§ What the exercise asks
Give only the number of lines below that contain the word "have".
Extracted entries START
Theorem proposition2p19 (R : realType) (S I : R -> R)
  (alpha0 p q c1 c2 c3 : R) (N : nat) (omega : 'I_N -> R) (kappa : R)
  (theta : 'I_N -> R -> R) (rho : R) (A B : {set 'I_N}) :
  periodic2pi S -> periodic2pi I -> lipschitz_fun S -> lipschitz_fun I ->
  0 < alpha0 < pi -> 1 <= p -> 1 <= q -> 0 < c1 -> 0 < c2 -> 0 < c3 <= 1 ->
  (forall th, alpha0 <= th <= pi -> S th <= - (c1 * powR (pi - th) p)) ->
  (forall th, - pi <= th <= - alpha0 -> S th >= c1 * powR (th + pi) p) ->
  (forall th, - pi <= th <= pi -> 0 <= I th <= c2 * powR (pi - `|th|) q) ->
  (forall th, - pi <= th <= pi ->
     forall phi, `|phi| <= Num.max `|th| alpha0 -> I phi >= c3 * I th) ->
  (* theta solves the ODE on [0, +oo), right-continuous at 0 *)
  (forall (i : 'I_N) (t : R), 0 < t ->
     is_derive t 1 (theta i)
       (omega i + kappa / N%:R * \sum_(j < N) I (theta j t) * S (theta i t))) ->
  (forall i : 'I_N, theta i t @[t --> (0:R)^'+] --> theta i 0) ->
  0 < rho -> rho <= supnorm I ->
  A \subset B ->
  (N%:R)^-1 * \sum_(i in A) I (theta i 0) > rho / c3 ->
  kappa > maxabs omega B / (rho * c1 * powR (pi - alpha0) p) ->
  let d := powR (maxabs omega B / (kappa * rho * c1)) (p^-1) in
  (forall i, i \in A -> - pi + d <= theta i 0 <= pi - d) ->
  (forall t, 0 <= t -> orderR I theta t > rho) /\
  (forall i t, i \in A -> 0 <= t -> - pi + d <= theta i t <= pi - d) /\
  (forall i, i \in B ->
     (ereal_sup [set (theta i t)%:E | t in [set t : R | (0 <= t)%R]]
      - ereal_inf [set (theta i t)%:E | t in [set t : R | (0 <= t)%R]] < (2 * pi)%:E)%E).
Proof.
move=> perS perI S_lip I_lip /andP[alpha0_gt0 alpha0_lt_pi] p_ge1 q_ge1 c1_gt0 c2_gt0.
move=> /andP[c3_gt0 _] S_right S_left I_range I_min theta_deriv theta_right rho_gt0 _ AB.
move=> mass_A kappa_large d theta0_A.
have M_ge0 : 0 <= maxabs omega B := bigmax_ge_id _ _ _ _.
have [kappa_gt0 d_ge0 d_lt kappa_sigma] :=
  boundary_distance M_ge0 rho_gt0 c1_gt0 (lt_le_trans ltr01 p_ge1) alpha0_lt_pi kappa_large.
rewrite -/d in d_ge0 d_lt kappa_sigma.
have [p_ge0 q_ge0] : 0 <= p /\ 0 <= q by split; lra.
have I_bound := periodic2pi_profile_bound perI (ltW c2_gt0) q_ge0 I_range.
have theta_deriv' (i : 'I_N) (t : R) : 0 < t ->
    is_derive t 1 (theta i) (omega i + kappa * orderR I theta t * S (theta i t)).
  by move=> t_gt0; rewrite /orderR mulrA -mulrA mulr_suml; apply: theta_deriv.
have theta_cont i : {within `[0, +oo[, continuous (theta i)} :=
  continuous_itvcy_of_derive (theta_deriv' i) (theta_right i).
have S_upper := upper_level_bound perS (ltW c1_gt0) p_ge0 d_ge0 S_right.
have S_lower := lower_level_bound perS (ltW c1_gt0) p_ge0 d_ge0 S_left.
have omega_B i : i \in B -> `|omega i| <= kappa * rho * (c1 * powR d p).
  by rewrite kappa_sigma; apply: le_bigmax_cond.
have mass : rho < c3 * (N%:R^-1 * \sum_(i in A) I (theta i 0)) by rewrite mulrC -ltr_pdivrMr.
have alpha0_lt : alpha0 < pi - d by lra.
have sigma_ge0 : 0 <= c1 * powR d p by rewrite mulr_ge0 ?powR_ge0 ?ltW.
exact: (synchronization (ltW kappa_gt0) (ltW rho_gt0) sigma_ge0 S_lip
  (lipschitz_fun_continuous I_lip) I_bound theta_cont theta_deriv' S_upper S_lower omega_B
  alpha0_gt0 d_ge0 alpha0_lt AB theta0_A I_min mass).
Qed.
Extracted entries END
§ Answer space
12